Time-dependent internalization of 64Cu-DOTA-[Lys3]BBN by PC-3 prostate cancer cells incubated at 37°C during 2 h. Cells were preincubated for 2 h at 4°C. Data are mean ± SD of percentage of acid-resistant (internalized) radioactivity in cells (2 experiments in triplicate).

Biodistribution Studies

A summary of the biodistribution data for 64Cu-DOTA-[Lys3]BBN in PC-3 and CWR22 tumor-bearing mice is shown in Figure 4. This radiotracer had a rapid blood clearance, with only 0.30 ± 0.04 %ID/g remaining in the circulation at 1 h followed by a further decrease at 2 and 4-h time points. Tumor-to-blood ratios at 1 h were 13.1 ± 2.3 and 4.1 ± 1.3 for PC-3 and CWR22 tumors, respectively.
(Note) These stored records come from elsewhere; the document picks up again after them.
Section SignedGreenBounds.
Variables (wr : V -> V -> R) (sg : R) (k : 'I_n) (u v u' v' : V).
Hypothesis wr_gt0 : forall a b, E a b -> 0 < wr a b.
Hypothesis signs_le : forall w, ancestor (lift ord0 k) w ->
  0 <= sg * path_sign u' v' w <= sg * path_sign u v w.

Let parent_weight_ge0 w : w != root -> 0 <= parent_weight E wr w.
Proof. by move=> /(parent_weight_gt0 tE wr_gt0) /ltW. Qed.

Lemma green_sub_le :
  0 <= sg * (green wr u' k - green wr v' k) <= sg * (green wr u k - green wr v k).
Proof.
rewrite !green_sub !mulr_sumr; apply/andP; split.
  apply: sumr_ge0 => w /andP [wr0 cw]; rewrite mulrCA.
  by apply: mulr_ge0 (parent_weight_ge0 wr0) _; case/andP: (signs_le cw).
apply: ler_sum => w /andP [wr0 cw]; rewrite !(mulrCA sg (parent_weight E wr w)).
by apply: (ler_wpM2l (parent_weight_ge0 wr0)); case/andP: (signs_le cw).
Qed.

Lemma green_sub_lt w0 : w0 != root -> ancestor (lift ord0 k) w0 ->
  sg * path_sign u' v' w0 < sg * path_sign u v w0 ->
  sg * (green wr u' k - green wr v' k) < sg * (green wr u k - green wr v k).
Proof.
move=> w0r cw0 lt0; rewrite !green_sub !mulr_sumr; apply: (ler_ltr_sum (i0 := w0)).
- by rewrite w0r cw0.
- by rewrite !(mulrCA sg (parent_weight E wr w0)) ltr_pM2l ?(parent_weight_gt0 tE wr_gt0).
move=> w /andP [wr0 cw]; rewrite !(mulrCA sg (parent_weight E wr w)).
by apply: (ler_wpM2l (parent_weight_ge0 wr0)); case/andP: (signs_le cw).
Qed.

End SignedGreenBounds.

End VoltageVariance.

Section PathSigns.
Variables (R : realFieldType) (n : nat) (E : rel 'I_n.+1).
Notation V := 'I_n.+1.
Notation root := (ord0 : V).
Notation parent := (parent E root).
Notation path_sign := (path_sign R E).
Hypothesis tE : tree_on [set: V] E.

Lemma path_sign_trans x y z w : path_sign x z w = path_sign x y w + path_sign y z w.
Proof. by rewrite /path_sign; ring. Qed.

(* A tree edge {x, y} is identified with its endpoint farther from the root. *)
Definition edge_child (x y : V) := if y == parent x then x else y.

Definition path_edges (x : V) (p : seq V) := pairmap edge_child x p.

Lemma path_sign_edge x y w : E x y -> (path_sign x y w != 0) = (w == edge_child x y).
Proof.
move=> e; have [_ iE _ _ _] := tE; rewrite /path_sign /edge_child.
have [ypx|ypx] := eqVneq y (parent x).
  have xr : x != root by apply: contraTneq e => xr; rewrite ypx xr parent_root iE.
  rewrite ypx (ancestor_parentE tE w xr); have [->|] //= := eqVneq w x.
    by rewrite (negbTE (parent_not_ancestor tE xr)) subr0 oner_eq0.
  by rewrite subrr eqxx.
have := tree_edge_parent root tE e; rewrite (negbTE ypx) => /eqP xpy.
have yr : y != root by apply: contraTneq e => yr; rewrite xpy yr parent_root iE.
rewrite xpy (ancestor_parentE tE w yr); have [->|] //= := eqVneq w y.
  by rewrite (negbTE (parent_not_ancestor tE yr)) sub0r oppr_eq0 oner_eq0.
by rewrite subrr eqxx.
Qed.

Lemma path_sign_neq0_path_edges x p w : path E x p ->
  path_sign x (last x p) w != 0 -> w \in path_edges x p.
Proof.
elim: p x => [|y p IH] x /=; first by rewrite /path_sign subrr eqxx.
case/andP => e pp; rewrite (path_sign_trans _ y) inE.
have [//|wxy] /= := eqVneq w (edge_child x y).
have /eqP -> : path_sign x y w == 0 by apply: contraNT wxy; rewrite path_sign_edge.
by rewrite add0r; apply: IH.
Qed.

Lemma mem_path_edges x p w : w \in path_edges x p -> w \in x :: p.
Proof.
elim: p x => [|y p IH] x //=; rewrite inE => /orP [/eqP ->|/IH wyp]; last first.
  by rewrite in_cons wyp orbT.
by rewrite /edge_child; case: ifP; rewrite !inE eqxx ?orbT.
Qed.

Lemma path_edges_path_sign_neq0 x p w : path E x p -> uniq (path_edges x p) ->
  w \in path_edges x p -> path_sign x (last x p) w != 0.
Proof.
elim: p x => [|y p IH] x //=; case/andP => e pp /andP [xyp up].
rewrite inE (path_sign_trans _ y); have [->|wxy] /= := eqVneq w (edge_child x y).
  have -> : path_sign y (last y p) (edge_child x y) = 0.
    by apply/eqP; apply: contraNT xyp; apply: path_sign_neq0_path_edges.
  by rewrite addr0 path_sign_edge.
have /eqP -> : path_sign x y w == 0 by apply: contraNT wxy; rewrite path_sign_edge.
by rewrite add0r; apply: IH.
Qed.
Liver uptake reached maximum at 1 h (4.18 ± 0.63 %ID/g) and declined to 2.09 ± 0.5 %ID/g at 2 h after injection. The rapid decrease of activity accumulation in the kidneys suggests a predominant renal clearance pathway of this radiotracer. A significant uptake of 64Cu-DOTA-[Lys3]BBN in the GRPR-bearing pancreas was observed (10.4 ± 0.14 %ID/g at 30 min after injection and 6.08 ± 0.18 %ID/g after 2 h). Our results indicated GRPR-specific uptake in PC-3 tumor and pancreas (Fig. 5), which was confirmed by the receptor-blocking study at the 1-h time point, as the uptake in these tissues was effectively inhibited by coinjection of 10 mg/kg BBN (7.83 ± 0.52 %ID/g vs. 0.52 ± 0.05 %ID/g for pancreas, P < 0.001; 3.97 ± 0.15 %ID/g vs. 1.35 ± 0.24 %ID/g for PC-3 tumor, P < 0.001). Coinjection of 1 mg/kg BBN resulted in partial inhibition of activity accumulation in PC-3 tumor (2.08 ± 0.35 %ID/g) and pancreas (2.75 ± 0.43 %ID/g). Activity accumulation in the AD CWR22 tumor was not affected by the administration of BBN. No significant changes of uptake in other normal organs were seen except for the kidneys, which had increased uptake in the blocked versus the control mice (P < 0.01), presumably due to decreased specific binding in tissues.

FIGURE 4.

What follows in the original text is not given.